“Girl”, un film di Lukas Dhont, la recensione

Girl (id, Belgio, 2018) di Lukas Dhont con Victor Polster, Arieh Worthalter, Oliver Bodart, Tijmen Govaerts, Katelijne Damen

Sceneggiatura di Lukas Dhont, Angelo Tijssens

Drammatico, 1h 45′, Teodora Film, in uscita il 27 settembre 2018

Voto: 7½ su 10

Lo strazio del corpo sotto una duplice lente, inteso come gabbia per il proprio essere e come supporto incapace a sostenere lo sforzo artistico: Girl, abbagliante esordio cinematografico del ventiseienne Lukas Dhont, già salutato a furor di critica con la Caméra d’or nella sezione Un certain regard e il Premio FIPRESCI all’ultimo Festival di Cannes, è la cronaca di un percorso adolescenziale strenue e logorante, quello di Lara, che a quindici anni sogna di diventare una étoile. Le sue giornate sono segnate dalla dura disciplina della danza classica, una routine sfibrante fatta di affanni, sudore e piedi sanguinanti. Eppure il suo fisico fatica a rispondere al bisogno di perfezione che il ballo impone. Forse perché Lara è nata maschio, e soffre irrimediabilmente questa condizione. 

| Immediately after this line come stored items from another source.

(* Let $G$ be an abelian group and $A$ an algebra in ${}^{G}_{G}\mathcal{YD}$ which is semisimple as a $\mathbb{C}$-algebra. Let $K\subset A$ be a central subfield which is invariant (i.e. $G$-fixed and of trivial $G$-degree) and over which $A$ is finite-dimensional. Then $A$ is projective as a right module over $A^{\underline{op}}\underline{\otimes}_K A$, where $A$ is a module via $m\cdot(a\otimes b)=(m_{-1}\cdot a)m_0b$.
   Context: ${}^{G}_{G}\mathcal{YD}$ is the category of Yetter–Drinfeld modules over $\mathbb{C}G$: $G$-modules with a $\mathbb{C}G$-coaction $v\mapsto v_{-1}\otimes v_0$ (for $G$ abelian, action and coaction commute), with braiding $v\otimes w\mapsto (v_{-1}w)\otimes v_0$. For algebras $A,B$ in this category, the braided tensor product $A\underline{\otimes}B$ has product $(a\otimes b)(a'\otimes b')=a(b_{-1}a')\otimes b_0b'$; $A^{\underline{op}}$ is $A$ with product $a\cdot_{\underline{op}}b=(a_{-1}b)a_0$; $A^{\underline{op}}\underline{\otimes}_KA$ is the analogous braided tensor product over $K$. *)

From HB Require Import structures.
From mathcomp Require Import all_boot all_order all_algebra.
From mathcomp Require Import reals Rstruct complex.
Set Implicit Arguments. Unset Strict Implicit. Unset Printing Implicit Defensive.
Import GRing.Theory.
Local Open Scope ring_scope.

Definition CC : numClosedFieldType := (Rdefinitions.R)[i].

Section YD.
(* G : an abelian group (written additively: identity 0, group law +).
   A : a (unital, associative) C-algebra.
   act g a   : the G-action on A.
   comp a g  : the g-homogeneous component of a; the CG-coaction is
               a |-> a_{-1} (x) a_0 = \sum_(g <- supp a) g (x) comp a g,
   where supp a is a duplicate-free list containing every g with
   comp a g <> 0 (the value of every sum below does not depend on the choice
   of such a list, since comp a g = 0 outside it). *)
Variables (G : zmodType) (A : algType CC).
Variables (act : G -> A -> A) (comp : A -> G -> A) (supp : A -> seq G).

Definition is_YD_algebra : Prop :=
  [/\ (forall a, act 0 a = a),
      (forall g h a, act (g + h) a = act g (act h a)),
      (forall g (c : CC) a b, act g (c *: a + b) = c *: act g a + act g b) &
   [/\ (forall g (c : CC) a b, comp (c *: a + b) g = c *: comp a g + comp b g),
      (forall a, uniq (supp a) /\ (forall g, g \notin supp a -> comp a g = 0)),
      (forall a, \sum_(g <- supp a) comp a g = a) &
      (forall a g h, comp (comp a g) h = if h == g then comp a g else 0) ]] /\
  (* Yetter-Drinfeld compatibility (for G abelian: action and coaction commute) *)
  [/\ (forall g a h, comp (act g a) h = act g (comp a h)),
      (forall g a b, act g (a * b) = act g a * act g b),
      (forall g, act g 1 = 1),
      (forall g, comp 1 g = if g == 0 then 1 else 0) &
      (forall a b g h, comp a g = a -> comp b h = b -> comp (a * b) (g + h) = a * b) ].

(* The braided opposite product  a .op b = (a_{-1} . b) a_0. *)
Definition opmul (a b : A) : A := \sum_(g <- supp a) act g b * comp a g.

Definition central_subfield (K : pred A) : Prop :=
  [/\ (forall c : CC, c%:A \in K),
      (forall x y, x \in K -> y \in K -> x - y \in K),
      (forall x y, x \in K -> y \in K -> x * y \in K),
      (forall x, x \in K -> x != 0 -> exists2 y, y \in K & x * y = 1) &
      (forall x a, x \in K -> x * a = a * x) ].

Definition invariant_sub (K : pred A) : Prop :=
  forall k, k \in K -> (forall g, act g k = k) /\ comp k 0 = k.

Definition findim_over (K : pred A) : Prop :=
  exists s : seq A, forall a, exists c : seq A,
    all (fun x => x \in K) c /\ a = \sum_(i < size s) c`_i * s`_i.

Definition left_ideal (I : pred A) : Prop :=
  [/\ 0 \in I, (forall x y, x \in I -> y \in I -> x + y \in I) &
      (forall a x, x \in I -> a * x \in I)].

Definition semisimple_alg : Prop :=
  forall I : pred A, left_ideal I ->
    exists J : pred A, [/\ left_ideal J,
      (forall x, x \in I -> x \in J -> x = 0) &
      (forall a, exists x y, [/\ x \in I, y \in J & a = x + y])].

(* A right B-module M is the same thing as an abelian group M with
   rho m a = m.(a (x) 1)  and  sig m b = m.(1 (x) b), subject to the relations
   of B:  (a (x) 1)(a' (x) 1) = (a .op a') (x) 1,  (1 (x) b)(1 (x) b') = 1 (x) bb',
   (a (x) 1)(1 (x) b) = a (x) b,  (1 (x) b)(a' (x) 1) = (b_{-1} a') (x) b_0,
   biadditivity, and K-balancedness k (x) 1 = 1 (x) k; then
   m.(a (x) b) = sig (rho m a) b. *)
Definition is_rBmod (K : pred A) (M : zmodType) (rho sig : M -> A -> M) : Prop :=
  [/\ (forall m m' a, rho (m + m') a = rho m a + rho m' a),
      (forall m a a', rho m (a + a') = rho m a + rho m a'),
      (forall m m' b, sig (m + m') b = sig m b + sig m' b),
      (forall m b b', sig m (b + b') = sig m b + sig m b') &
   [/\ (forall m, rho m 1 = m),
      (forall m, sig m 1 = m) &
   [/\ (forall m a a', rho (rho m a) a' = rho m (opmul a a')),
       (forall m b b', sig (sig m b) b' = sig m (b * b')),
       (forall m b a', rho (sig m b) a'
                        = \sum_(g <- supp b) sig (rho m (act g a')) (comp b g)) &
       (forall m k, k \in K -> rho m k = sig m k)]]].

Definition is_rBhom (M N : zmodType) (rhoM sigM : M -> A -> M)
  (rhoN sigN : N -> A -> N) (f : M -> N) : Prop :=
  [/\ (forall m m', f (m + m') = f m + f m'),
      (forall m a, f (rhoM m a) = rhoN (f m) a) &
      (forall m b, f (sigM m b) = sigN (f m) b)].

Definition rB_projective (K : pred A) (P : zmodType) (rhoP sigP : P -> A -> P) : Prop :=
  forall (M N : zmodType) (rhoM sigM : M -> A -> M) (rhoN sigN : N -> A -> N)
         (p : M -> N) (f : P -> N),
    is_rBmod K rhoM sigM -> is_rBmod K rhoN sigN ->
    is_rBhom rhoM sigM rhoN sigN p -> (forall n, exists m, p m = n) ->
    is_rBhom rhoP sigP rhoN sigN f ->
    exists h : P -> M, is_rBhom rhoP sigP rhoM sigM h /\ (forall x, p (h x) = f x).

Definition A_rho (m a : A) : A := opmul m a.
Definition A_sig (m b : A) : A := m * b.

End YD.

From HB Require Import structures.
From mathcomp Require Import all_boot all_order all_algebra.
From mathcomp Require Import reals Rstruct complex.
From Stdlib Require Import Classical_Prop.
Set Implicit Arguments. Unset Strict Implicit. Unset Printing Implicit Defensive.
Import GRing.Theory Num.Theory.
Local Open Scope ring_scope.

(* Since A is semisimple and K has characteristic 0, the trace form
   (x, y) |-> Tr_{A/K}(x y) is nondegenerate: its radical is a left ideal,
   hence of the form A e for an idempotent e of trace 0, and such an e vanishes.
   Take a K-basis (v_i) of A of homogeneous elements, v_i of degree g_i; as the
   trace form only pairs degree g with degree -g, the dual basis (u_i) can be
   taken homogeneous of degree -g_i.  Then sum_i u_i (x) v_i is a braided
   separability element: in every right module M, the averaging map
   m |-> sum_i m.(u_i (x) v_i) lands in the invariants
   {m | m.(a (x) 1) = m.(1 (x) a)} and fixes them.  So invariants lift along
   surjections, and f lifts along p as m |-> x.(1 (x) m) for any invariant x
   above f 1. *)

Lemma mxtrace_idem (F : fieldType) m (E : 'M[F]_m) :
  E *m E = E -> \tr E = (\rank E)%:R.
Proof.
move=> EE; have defE := mulmx_ebase E.
set L := col_ebase E in defE; set U := row_ebase E in defE.
set r := \rank E in defE *; set P := (pid_mx r : 'M[F]_m) in defE.
have uL : L \in unitmx by exact: col_ebase_unit.
have uU : U \in unitmx by exact: row_ebase_unit.
have r_le_m : (r <= m)%N by exact: rank_leq_row.
have PP : P *m P = P by rewrite pid_mx_id.
have PULP : P *m U *m L *m P = P.
  have : L *m (P *m (U *m L) *m P) *m U = L *m P *m U.
    by rewrite defE -{1}EE -defE !mulmxA.
  move/(congr1 (fun X => invmx L *m X *m invmx U)).
  by rewrite /= !mulmxA mulVmx // mul1mx !mulmxK // mulVmx // mul1mx.
have -> : \tr E = \tr P.
  by rewrite -defE -mulmxA mxtrace_mulC -{1}PP -!mulmxA mxtrace_mulC !mulmxA PULP.
rewrite /mxtrace (eq_bigr (fun i : 'I_m => if (i < r)%N then 1 else 0)) => [|i _].
  by rewrite -big_mkcond big_ord_narrow // sumr_const card_ord.
by rewrite /P mxE eqxx; case: (i < r)%N.
Qed.

Lemma mxtrace_idem_eq0 (F : fieldType) m (E : 'M[F]_m) :
  [pchar F] =i pred0 -> E *m E = E -> \tr E = 0 -> E = 0.
Proof.
move=> /pcharf0P char0 EE; rewrite mxtrace_idem // => /eqP.
by rewrite char0 mxrank_eq0 => /eqP.
Qed.

Lemma semisimple_left_ideal_unit (A : algType CC) (I : pred A) :
  semisimple_alg A -> left_ideal I ->
  exists2 e0, e0 \in I & forall x, x \in I -> x * e0 = x.
Proof.
move=> SS I_ideal; have [J [[_ _ JM] IJ0 IJ]] := SS I I_ideal.
have [e0 [f0 [Ie0 Jf0 def1]]] := IJ 1; case: I_ideal => _ ID IM.
exists e0 => // x Ix.
have xf0 : x * f0 = 0.
  apply: IJ0; last exact: JM.
  have -> : x * f0 = x + (-1) * (x * e0).
    by rewrite mulN1r -{2}[x]mulr1 def1 mulrDr addrAC subrr add0r.
  exact: ID Ix (IM _ _ (IM x _ Ie0)).
by rewrite -{2}[x]mulr1 def1 mulrDr xf0 addr0.
Qed.

Section SeparableYD.
Variables (G : zmodType) (A : algType CC).
Variables (act : G -> A -> A) (comp : A -> G -> A) (supp : A -> seq G).
Variable K : pred A.
Hypothesis YD : is_YD_algebra act comp supp.

Local Notation opm := (opmul act comp supp).

Definition homog (g : G) (a : A) : Prop := comp a g = a.

Lemma act0 a : act 0 a = a. Proof. by case: YD => -[]. Qed.
Lemma actD g h a : act (g + h) a = act g (act h a). Proof. by case: YD => -[]. Qed.
Lemma compL g c a b : comp (c *: a + b) g = c *: comp a g + comp b g.
Proof. by case: YD => -[_ _ _ []]. Qed.
Lemma supp_uniq a : uniq (supp a). Proof. by case: YD => -[_ _ _ [_ /(_ a) []]]. Qed.
Lemma comp_notin_supp a g : g \notin supp a -> comp a g = 0.
Proof. by case: YD => -[_ _ _ [_ /(_ a) [_ H] _ _]] _; apply: H. Qed.
Lemma sum_comp a : \sum_(g <- supp a) comp a g = a.
Proof. by case: YD => -[_ _ _ []]. Qed.
Lemma comp_comp a g h : comp (comp a g) h = if h == g then comp a g else 0.
Proof. by case: YD => -[_ _ _ []]. Qed.
Lemma homog1 : homog 0 1.
Proof. by rewrite /homog; case: YD => _ [_ _ _ -> _]; rewrite eqxx. Qed.
Lemma homogM a b g h : homog g a -> homog h b -> homog (g + h) (a * b).
Proof. by case: YD => _ [_ _ _ _]; apply. Qed.

Lemma homog_comp a g : homog g (comp a g). Proof. by rewrite /homog comp_comp eqxx. Qed.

54866Lara è interpretata con mirabile scandaglio emotivo e impressionante modulazione di gesti e comportamenti dal giovanissimo Victor Polster, un miracolo di casting per un ruolo estremamente insidioso e a rischio di banalizzazione. Sul volto efebico dell’attore (e ballerino) passano le emozioni trattenute e gli ardori dell’età di transizione per eccellenza, filtrate dal disagio, spesso umiliante, del vivere in un corpo estraneo alla propria natura. Lara, che prima di uscire si comprime i genitali col nastro isolante, camuffa con malinconici sorrisi un’esistenza sofferta dalla quale vuole fuggire con impazienza, pur conoscendo i rischi della terapia ormonale già intrapresa con i medici. Questa sua insistenza verso la vita che merita è uno dei risvolti più intensi di una sceneggiatura rispettosa ed equilibrata, che non cede mai il passo alla facile morbosità.

La regia di Dhont non lascia respiro allo spettatore e alla sua eroina, la stringe in primi piani serrati mentre danza vorticosamente durante le prove, piroetta dopo piroetta, quasi a volerla inseguire nella sua dolorosa e inesorabile rinascita verso la femminilità. Il risultato è un film asciutto e dalla metafora potente, tra i migliori di sempre a indagare il delicatissimo tema della sessualità transgender.